As far as blunders, it took us until nine days to completely fluster a wait person at a restaurant. Really, we should be proud, but the entire time I wanted to crawl under a rock. This was a pretty complex blunder, actually, so it took us some time to figure out what went wrong. There’s a nice pizza place a couple of blocks away. We know it’s nice because we picked up a couple of pizzas from there as takeaway a few days ago. This is wood-fired oven, high quality pizza, very Italian style. The two pizzas were more than enough for us. The problem came when we attempted to dine in and order roughly the same number of items.

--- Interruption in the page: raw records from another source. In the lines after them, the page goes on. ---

(* The diameter of $CK(2,4)$ is $7$. The diameter of $CK(2,3)$ is infinite, and for every $\ell\ge 5$ the diameter of $CK(2,\ell)$ is infinite (i.e. these digraphs are not strongly connected).
   Context: $CK(2,\ell)$ has as vertices all sequences $a_1\ldots a_\ell\in\{0,1,2\}^\ell$ with $a_i\neq a_{i+1}$ for $1\le i\le\ell-1$ and $a_1\ne a_\ell$, and an arc from $a_1\ldots a_\ell$ to $b_1\ldots b_\ell$ iff both are vertices and $b_i=a_{i+1}$ for $1\le i\le \ell-1$. The diameter is the maximum over ordered pairs $(u,v)$ of vertices of the length of a shortest directed $u$–$v$ path, and is infinite if some such path does not exist. *)

From mathcomp Require Import all_boot.
Set Implicit Arguments. Unset Strict Implicit. Unset Printing Implicit Defensive.

(* Symbols {0,1,2} as 'I_3; a word a_1 ... a_l is a seq 'I_3 of size l,
   with a_{i+1} = nth ord0 s i (0-based indexing). *)
Definition sym := 'I_3.

Definition ck_vertex (l : nat) (s : seq sym) : bool :=
  [&& size s == l,
      all (fun i => nth ord0 s i != nth ord0 s i.+1) (iota 0 l.-1)
    & nth ord0 s 0 != nth ord0 s l.-1].

Definition ck_arc (l : nat) : rel (seq sym) := fun a b =>
  [&& ck_vertex l a, ck_vertex l b
    & all (fun i => nth ord0 b i == nth ord0 a i.+1) (iota 0 l.-1)].

Definition ck_walk (l k : nat) (u v : seq sym) : Prop :=
  exists p : seq (seq sym), [/\ size p = k, path (ck_arc l) u p & last u p = v].

Definition ck_diameter_is (l d : nat) : Prop :=
  (forall u v, ck_vertex l u -> ck_vertex l v -> exists2 k, k <= d & ck_walk l k u v)
  /\ exists u v, [/\ ck_vertex l u, ck_vertex l v &
                     forall k, ck_walk l k u v -> d <= k].

Definition ck_diameter_infinite (l : nat) : Prop :=
  exists u v, [/\ ck_vertex l u, ck_vertex l v & forall k, ~ ck_walk l k u v].

From mathcomp Require Import all_boot zify.
Set Implicit Arguments. Unset Strict Implicit. Unset Printing Implicit Defensive.

(* Read the letters of a vertex as points of Z/3 and count the up-steps
   x -> x + 1 around the closed word a_1 ... a_l a_1.  An arc replaces the
   two-step path a_l -> a_1 -> a_2 by a_l -> b_l -> a_2, and any two such
   detours between the same endpoints have the same number of up-steps, so
   this winding number is constant along walks.  Swapping the letters 1 and 2
   turns every up-step into a down-step, so it maps a vertex of winding w to
   one of winding l - w; whenever w <> l - w these two vertices lie in
   different strong components.  Words of the form 0 (120)^n t realise such
   a winding for every l >= 3 except l = 4, where every vertex has winding 2.
   For l = 4 the diameter is computed by exhaustive search over the 18
   vertices. *)

Definition o0 : sym := ord0.
Definition o1 : sym := @Ordinal 3 1 isT.
Definition o2 : sym := @Ordinal 3 2 isT.

Definition syms : seq sym := [:: o0; o1; o2].

Lemma mem_syms (x : sym) : x \in syms.
Proof. by case: x => [[|[|[|?]]] ?]. Qed.

Definition sym_neq : rel sym := fun a b => a != b.

Lemma ck_vertex_nil l : ck_vertex l [::] = false.
Proof. by rewrite /ck_vertex; case: l. Qed.

Lemma ck_vertex_cons l x t :
  ck_vertex l (x :: t) = ((size t).+1 == l) && cycle sym_neq (x :: t).
Proof.
rewrite /ck_vertex; case: eqP => [<-|] //=.
rewrite rcons_path; congr andb.
  apply/allP/(pathP ord0) => H i.
    by move=> Hi; apply: H; rewrite mem_iota.
  by rewrite mem_iota add0n => /H.
by rewrite -[size t]/((size (x :: t)).-1) nth_last /= eq_sym.
Qed.

Lemma ck_vertex_size_gt1 l s : ck_vertex l s -> 1 < l.
Proof.
case: s => [|x [|y t]]; rewrite ?ck_vertex_nil // ck_vertex_cons.
  by rewrite /= /sym_neq eqxx andbF.
by case/andP=> /eqP <-.
Qed.

Lemma ck_arc_rcons l a b : 0 < l -> ck_arc l a b ->
  b = rcons (behead a) (nth ord0 b l.-1).
Proof.
move=> l_gt0 /and3P[/and3P[/eqP sa _ _] /and3P[/eqP sb _ _] /allP Hab].
apply: (@eq_from_nth _ ord0) => [|i].
  by rewrite size_rcons size_behead sa sb prednK.
rewrite sb nth_rcons size_behead sa => il.
case: ltngtP => [i_lt||->] //;
  last by move: il; rewrite -(prednK l_gt0) ltnS leqNgt => /negP.
by rewrite nth_behead; apply/eqP/Hab; rewrite mem_iota.
Qed.

Definition up_step (a b : sym) : nat := val b == (val a).+1 %% 3.

Fixpoint ups (s : seq sym) : nat :=
  if s is a :: ((b :: _) as s') then up_step a b + ups s' else 0.

Definition winding (s : seq sym) : nat := ups (rcons s (head ord0 s)).

Lemma ups_cons2 a b s : ups [:: a, b & s] = up_step a b + ups (b :: s).
Proof. by []. Qed.

Lemma ups_rcons a s b : ups (a :: rcons s b) = ups (a :: s) + up_step (last a s) b.
Proof.
elim: s a => [|c s IH] a; first by rewrite /= addn0.
by rewrite rcons_cons !ups_cons2 IH addnA.
Qed.

Lemma up_step_detour (p x y q : sym) :
  p != x -> x != q -> p != y -> y != q ->
  up_step p x + up_step x q = up_step p y + up_step y q.
Proof.
by case: p => [[|[|[|?]]] ?] //; case: x => [[|[|[|?]]] ?] //;
   case: y => [[|[|[|?]]] ?] //; case: q => [[|[|[|?]]] ?].
Qed.

Lemma winding_arc l a b : 1 < l -> ck_arc l a b -> winding a = winding b.
Proof.
move=> l_gt1 Hab; have Hb := ck_arc_rcons (ltnW l_gt1) Hab.
case/and3P: Hab => Va Vb _.
move: (nth ord0 b l.-1) Hb Vb => y -> Vb.
case: a Va Vb => [|x [|a t]]; rewrite ?ck_vertex_nil //.
  by rewrite ck_vertex_cons => /andP[/eqP l1]; rewrite -l1 in l_gt1.
rewrite /= !ck_vertex_cons => /andP[_ Ca] /andP[_ Cb].
rewrite /winding !rcons_cons [head _ _]/= [head _ _]/= ups_cons2 !ups_rcons last_rcons.
move: Ca => /= /andP[xa]; rewrite rcons_path => /andP[_ lx].
move: Cb => /=; rewrite !rcons_path last_rcons => /andP[/andP[_ ly] ya].
have := up_step_detour lx xa ly ya; lia.
Qed.

Lemma winding_walk l k u v : 1 < l -> ck_walk l k u v -> winding u = winding v.
Proof.
move=> l_gt1 [p [_ Hp <-]].
elim: p u Hp => [|w p IH] u //= /andP[Huw Hp].
by rewrite (winding_arc l_gt1 Huw) IH.
Qed.

Definition swap12 (x : sym) : sym :=
  if val x == 1 then o2 else if val x == 2 then o1 else o0.

Lemma swap12_inj : injective swap12.
Proof. by case=> [[|[|[|?]]] ?] [[|[|[|?]]] ?] //= _; apply: val_inj. Qed.

Lemma up_step_swap12 a b : a != b -> up_step (swap12 a) (swap12 b) + up_step a b = 1.
Proof. by case: a => [[|[|[|?]]] ?] //; case: b => [[|[|[|?]]] ?]. Qed.

Lemma ups_swap12 x s :
  path sym_neq x s -> ups (map swap12 (x :: s)) + ups (x :: s) = size s.
Proof.
elim: s x => [|y s IH] x; first by [].
move=> /andP[xy Hs]; rewrite [map _ _]/= !ups_cons2 -map_cons [size _]/=.
by have := IH y Hs; have := up_step_swap12 xy; lia.
Qed.

Lemma ck_vertex_swap12 l s : ck_vertex l (map swap12 s) = ck_vertex l s.
Proof.
case: s => [|x t]; rewrite ?ck_vertex_nil // map_cons !ck_vertex_cons size_map -map_cons.
by rewrite (mono_cycle (e := sym_neq)) // => a b; rewrite /sym_neq (inj_eq swap12_inj).
Qed.

Lemma winding_swap12 l s : ck_vertex l s -> winding (map swap12 s) + winding s = l.
Proof.
case: s => [|x t]; rewrite ?ck_vertex_nil // ck_vertex_cons => /andP[/eqP <- Ct].
rewrite /winding [head _ (map _ _)]/= [head _ _]/= -map_rcons rcons_cons.
by rewrite ups_swap12 ?size_rcons.
Qed.

Lemma ck_diameter_infinite_winding l s :
  ck_vertex l s -> (winding s).*2 != l -> ck_diameter_infinite l.
Proof.
move=> Vs Hw; exists s, (map swap12 s); split; rewrite ?ck_vertex_swap12 // => k Hk.
have := winding_swap12 Vs; rewrite -(winding_walk (ck_vertex_size_gt1 Vs) Hk).
by move/eqP: Hw; lia.
Qed.

Fixpoint spiral n t : seq sym :=
  if n is n'.+1 then [:: o1, o2, o0 & spiral n' t] else t.

Lemma size_spiral n t : size (spiral n t) = 3 * n + size t.
Proof. by elim: n => //= n ->; lia. Qed.

Lemma cycle_spiral n t : cycle sym_neq (o0 :: t) -> cycle sym_neq (o0 :: spiral n t).
Proof. by move=> Ct; elim: n => //= n. Qed.

Lemma winding_spiral n t : winding (o0 :: spiral n t) = 3 * n + winding (o0 :: t).
Proof.
elim: n => //= n; rewrite /winding /= => ->.
by rewrite -[up_step o0 o1]/1 -[up_step o1 o2]/1 -[up_step o2 o0]/1; lia.
Qed.

Lemma ck_diameter_infinite_spiral n t :
  cycle sym_neq (o0 :: t) -> (3 * n + winding (o0 :: t)).*2 != 3 * n + (size t).+1 ->
  ck_diameter_infinite (3 * n + (size t).+1).
Proof.
move=> Ct Hw; apply: (@ck_diameter_infinite_winding _ (o0 :: spiral n t)).
  by rewrite ck_vertex_cons size_spiral addnS eqxx cycle_spiral.
by rewrite winding_spiral.
Qed.

Lemma ck_diameter_infinite_not4 l : 3 <= l -> l != 4 -> ck_diameter_infinite l.
Proof.
move=> l_ge3 l_neq4.
have [|[|]] : l = 3 * (l %/ 3 - 1) + 3 \/ l = 3 * (l %/ 3 - 1) + 4 /\ 7 <= l \/
               l = 3 * (l %/ 3) + 2 /\ 5 <= l by lia.
- move=> El; rewrite El; apply: (ck_diameter_infinite_spiral (t := [:: o1; o2])) => //.
  by rewrite [size _]/= -[winding _]/3 -muln2; lia.
- case=> El l_ge7; rewrite El.
  apply: (ck_diameter_infinite_spiral (t := [:: o1; o0; o1])) => //.
  by rewrite [size _]/= -[winding _]/2 -muln2; lia.
- case=> El l_ge5; rewrite El; apply: (ck_diameter_infinite_spiral (t := [:: o1])) => //.
  by rewrite [size _]/= -[winding _]/1 -muln2; lia.
Qed.

Fixpoint walkb l k (u v : seq sym) : bool :=
  if k is k'.+1 then
    has (walkb l k' ^~ v) [seq w <- [seq rcons (behead u) x | x <- syms] | ck_arc l u w]
  else u == v.

Lemma walkP l k u v : 0 < l -> reflect (ck_walk l k u v) (walkb l k u v).
Proof.
move=> l_gt0; elim: k u => [|k IH] u.
  apply: (iffP eqP) => [->|[[|? ?] [//= _ _ ->]]]; by exists [::].
apply: (iffP hasP) => [[w]|[[|w p] [// [Hs] /andP[Huw Hp] Hl]]].
  rewrite mem_filter => /andP[Huw _] /IH[p [Hs Hp Hl]].
  by exists (w :: p); rewrite /= Hs Huw Hp.
exists w; last by apply/IH; exists p.
rewrite mem_filter Huw; apply/mapP.
by exists (nth ord0 w l.-1); [exact: mem_syms | exact: ck_arc_rcons].
Qed.
Arguments walkP {l k u v}.

Fixpoint words n : seq (seq sym) :=
  if n is n'.+1 then [seq x :: w | x <- syms, w <- words n'] else [:: [::]].

Lemma mem_words s : s \in words (size s).
Proof. by elim: s => //= x s IH; exact: (allpairs_f cons (mem_syms x) IH). Qed.

Definition ck_vertices l : seq (seq sym) := [seq s <- words l | ck_vertex l s].

Lemma mem_ck_vertices l s : ck_vertex l s -> s \in ck_vertices l.
Proof.
by move=> Vs; rewrite mem_filter Vs; case/and3P: Vs => /eqP <- _ _; apply: mem_words.
Qed.

Lemma ck4_walks_le7 : all (fun u => all (fun v =>
  has (fun k => walkb 4 k u v) (iota 0 8)) (ck_vertices 4)) (ck_vertices 4).
Proof. by vm_compute. Qed.

Lemma ck4_no_walk_lt7 :
  all (fun k => ~~ walkb 4 k [:: o0; o1; o0; o2] [:: o2; o1; o0; o1]) (iota 0 7).
Proof. by vm_compute. Qed.

Lemma ck_diameter_4 : ck_diameter_is 4 7.
Proof.
split=> [u v Vu Vv|].
  move/allP: ck4_walks_le7 => /(_ u (mem_ck_vertices Vu)) /allP /(_ v (mem_ck_vertices Vv)).
  by case/hasP=> k; rewrite mem_iota => /andP[_ k_lt8] /(walkP (l := 4) isT); exists k.
exists [:: o0; o1; o0; o2], [:: o2; o1; o0; o1]; split=> // k /(walkP (l := 4) isT) Hk.
rewrite leqNgt; apply/negP => k_lt7.
by move/allP: ck4_no_walk_lt7 => /(_ k); rewrite mem_iota k_lt7 Hk => /(_ isT).
Qed.

Theorem lemma6 :
  ck_diameter_is 4 7 /\ ck_diameter_infinite 3 /\
  (forall l, 5 <= l -> ck_diameter_infinite l).
Proof.
split; first exact: ck_diameter_4.
split; first exact: ck_diameter_infinite_not4.
by move=> l l_ge5; apply: ck_diameter_infinite_not4; [lia | apply/eqP; lia].
Qed.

The waitress tried in her English and then in French to explain that two pizzas was not enough food for five of us. We tried to explain that we’d ordered take away and it had been fine. Eventually, she went ahead and put in the order, but seemed pretty frustrated and annoyed by us. Maybe not as much as we felt, but we apologized every time she came back, and I just wanted to run away and hide.
Sure enough, when the pizzas came, they were a bit smaller than the takeaway ones had been, or at least they seemed to be to me. We tried to make up for things by ordering a lot of very tasty dessert. Still, I think they were happy to see us go. And it was a relief for us to get out of there.
Sarah felt especially bad because her French is the best of all of ours, but I think what we probably should have done was, when it was pointed out that we’d under-ordered, was went ahead and ordered a pizza for each person, as that seemed to be expected. These are the kind of stupid, low key social mistakes that haunt me for years for some dumb reason. I’ll probably have unpleasant dreams about it years from now, like those dreams in which you show up naked for a college final for a class you never knew you were signed up for.
Tomorrow will likely be another rest day – perhaps a visit to the local candy factory / museum in the afternoon, but otherwise, we’ll soak in some French life around the rental (and I think everyone is going to go to Mass except for me). Right now, it’s raining, the bells are ringing, and even the smell of the rain is different enough to remind me that I’m not in Kansas. Hopefully tomorrow we’ll make fewer faux pas. And if not? C’est la vie.